* [What you need to do]: Only lines that contain the string "Arguments" should be returned from the material below.

* [Listed entries]:
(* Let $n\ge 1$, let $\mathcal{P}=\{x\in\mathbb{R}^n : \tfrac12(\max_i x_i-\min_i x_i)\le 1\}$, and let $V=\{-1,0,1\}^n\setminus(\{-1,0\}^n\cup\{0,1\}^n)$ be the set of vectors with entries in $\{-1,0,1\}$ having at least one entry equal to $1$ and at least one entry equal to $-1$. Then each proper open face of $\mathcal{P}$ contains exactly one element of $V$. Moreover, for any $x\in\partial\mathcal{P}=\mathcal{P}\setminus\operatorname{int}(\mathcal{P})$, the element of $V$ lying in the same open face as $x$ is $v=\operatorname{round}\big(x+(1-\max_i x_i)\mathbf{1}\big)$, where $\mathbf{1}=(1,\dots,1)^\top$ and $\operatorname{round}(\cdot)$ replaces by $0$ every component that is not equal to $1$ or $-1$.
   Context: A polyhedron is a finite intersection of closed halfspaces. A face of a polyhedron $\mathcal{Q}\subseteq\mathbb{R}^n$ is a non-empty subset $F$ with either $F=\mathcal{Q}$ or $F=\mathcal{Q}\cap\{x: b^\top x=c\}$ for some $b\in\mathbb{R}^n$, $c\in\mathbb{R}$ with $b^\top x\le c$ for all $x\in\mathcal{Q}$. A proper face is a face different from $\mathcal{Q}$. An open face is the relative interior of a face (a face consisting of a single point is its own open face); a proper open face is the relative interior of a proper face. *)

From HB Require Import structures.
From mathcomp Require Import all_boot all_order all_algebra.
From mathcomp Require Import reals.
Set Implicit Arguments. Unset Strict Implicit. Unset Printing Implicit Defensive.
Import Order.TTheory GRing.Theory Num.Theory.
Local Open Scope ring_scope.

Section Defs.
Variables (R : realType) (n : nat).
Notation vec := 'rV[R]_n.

--

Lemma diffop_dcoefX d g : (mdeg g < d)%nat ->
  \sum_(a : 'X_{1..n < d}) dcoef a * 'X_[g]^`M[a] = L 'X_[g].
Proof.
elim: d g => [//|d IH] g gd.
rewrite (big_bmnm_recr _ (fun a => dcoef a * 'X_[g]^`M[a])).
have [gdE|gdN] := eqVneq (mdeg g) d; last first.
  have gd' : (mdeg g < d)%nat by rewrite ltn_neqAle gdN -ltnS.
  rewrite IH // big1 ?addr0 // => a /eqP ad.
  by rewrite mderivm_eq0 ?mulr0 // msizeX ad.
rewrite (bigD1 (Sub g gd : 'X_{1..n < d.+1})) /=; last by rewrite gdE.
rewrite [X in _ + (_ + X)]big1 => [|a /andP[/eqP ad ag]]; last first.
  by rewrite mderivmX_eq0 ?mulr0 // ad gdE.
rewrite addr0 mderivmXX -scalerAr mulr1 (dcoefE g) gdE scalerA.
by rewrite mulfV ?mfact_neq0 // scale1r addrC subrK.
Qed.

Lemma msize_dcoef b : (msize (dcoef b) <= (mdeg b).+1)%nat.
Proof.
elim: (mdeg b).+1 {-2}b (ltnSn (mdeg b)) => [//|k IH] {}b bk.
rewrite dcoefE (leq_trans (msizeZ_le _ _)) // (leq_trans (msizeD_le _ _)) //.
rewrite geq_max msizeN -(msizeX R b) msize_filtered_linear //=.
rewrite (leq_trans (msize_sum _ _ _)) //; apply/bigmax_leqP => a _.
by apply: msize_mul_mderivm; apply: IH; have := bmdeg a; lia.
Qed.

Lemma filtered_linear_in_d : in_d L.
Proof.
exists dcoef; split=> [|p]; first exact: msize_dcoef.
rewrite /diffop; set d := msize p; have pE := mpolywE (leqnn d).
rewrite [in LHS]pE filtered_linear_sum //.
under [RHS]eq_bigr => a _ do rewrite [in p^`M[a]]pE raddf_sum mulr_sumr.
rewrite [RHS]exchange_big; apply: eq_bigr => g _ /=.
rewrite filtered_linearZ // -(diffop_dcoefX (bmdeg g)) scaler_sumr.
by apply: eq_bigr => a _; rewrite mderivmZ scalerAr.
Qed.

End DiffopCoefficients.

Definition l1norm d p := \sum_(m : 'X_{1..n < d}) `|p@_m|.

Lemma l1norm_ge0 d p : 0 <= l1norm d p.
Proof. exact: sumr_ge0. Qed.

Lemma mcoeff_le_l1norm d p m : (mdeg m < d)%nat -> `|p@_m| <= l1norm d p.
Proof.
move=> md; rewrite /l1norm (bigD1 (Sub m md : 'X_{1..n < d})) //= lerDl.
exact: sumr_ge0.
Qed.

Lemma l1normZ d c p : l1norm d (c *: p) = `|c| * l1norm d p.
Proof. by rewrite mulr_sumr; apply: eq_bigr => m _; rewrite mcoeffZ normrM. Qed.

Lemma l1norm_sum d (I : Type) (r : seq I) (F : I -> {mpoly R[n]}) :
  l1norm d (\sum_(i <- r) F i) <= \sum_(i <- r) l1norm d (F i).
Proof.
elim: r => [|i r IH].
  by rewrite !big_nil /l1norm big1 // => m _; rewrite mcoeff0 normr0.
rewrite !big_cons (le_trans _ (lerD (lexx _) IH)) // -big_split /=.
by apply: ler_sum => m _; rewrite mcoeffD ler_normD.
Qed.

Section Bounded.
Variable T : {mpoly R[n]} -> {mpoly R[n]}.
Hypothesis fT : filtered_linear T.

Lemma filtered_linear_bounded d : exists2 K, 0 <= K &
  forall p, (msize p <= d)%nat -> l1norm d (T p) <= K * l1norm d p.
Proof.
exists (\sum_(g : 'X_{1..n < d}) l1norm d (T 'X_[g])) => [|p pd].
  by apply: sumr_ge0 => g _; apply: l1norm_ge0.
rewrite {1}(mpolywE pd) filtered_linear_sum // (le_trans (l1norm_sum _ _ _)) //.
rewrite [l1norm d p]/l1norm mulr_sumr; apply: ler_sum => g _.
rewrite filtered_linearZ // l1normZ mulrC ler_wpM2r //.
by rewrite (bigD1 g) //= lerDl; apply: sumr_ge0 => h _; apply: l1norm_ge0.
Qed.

--

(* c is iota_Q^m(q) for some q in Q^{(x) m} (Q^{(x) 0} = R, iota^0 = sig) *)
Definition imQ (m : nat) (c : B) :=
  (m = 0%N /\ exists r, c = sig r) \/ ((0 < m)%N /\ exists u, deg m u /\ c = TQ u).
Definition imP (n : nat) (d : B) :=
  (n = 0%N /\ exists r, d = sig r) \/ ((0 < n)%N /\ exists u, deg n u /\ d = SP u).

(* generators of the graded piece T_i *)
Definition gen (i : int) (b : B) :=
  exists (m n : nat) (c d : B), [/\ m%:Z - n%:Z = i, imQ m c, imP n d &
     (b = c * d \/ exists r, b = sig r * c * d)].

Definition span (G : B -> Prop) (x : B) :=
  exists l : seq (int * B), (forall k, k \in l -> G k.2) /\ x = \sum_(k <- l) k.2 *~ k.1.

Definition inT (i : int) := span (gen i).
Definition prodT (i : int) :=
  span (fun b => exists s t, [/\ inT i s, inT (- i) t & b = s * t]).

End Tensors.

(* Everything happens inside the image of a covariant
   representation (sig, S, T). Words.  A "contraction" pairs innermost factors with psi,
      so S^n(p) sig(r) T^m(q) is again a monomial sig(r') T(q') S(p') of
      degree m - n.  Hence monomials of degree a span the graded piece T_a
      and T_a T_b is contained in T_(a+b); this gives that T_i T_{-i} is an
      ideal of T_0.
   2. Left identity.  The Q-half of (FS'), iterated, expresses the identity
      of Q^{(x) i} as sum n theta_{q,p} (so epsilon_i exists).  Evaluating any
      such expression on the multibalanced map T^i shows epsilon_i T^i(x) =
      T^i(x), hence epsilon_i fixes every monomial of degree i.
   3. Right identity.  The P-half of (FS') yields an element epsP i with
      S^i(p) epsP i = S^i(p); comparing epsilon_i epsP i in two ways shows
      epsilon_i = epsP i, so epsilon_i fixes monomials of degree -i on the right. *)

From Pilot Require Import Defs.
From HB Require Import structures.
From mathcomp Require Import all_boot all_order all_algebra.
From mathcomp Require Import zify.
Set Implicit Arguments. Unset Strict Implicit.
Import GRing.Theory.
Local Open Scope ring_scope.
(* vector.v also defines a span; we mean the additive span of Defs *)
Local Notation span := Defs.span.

* [Task response]:
Set Implicit Arguments. Unset Strict Implicit. Unset Printing Implicit Defensive.
Set Implicit Arguments. Unset Strict Implicit.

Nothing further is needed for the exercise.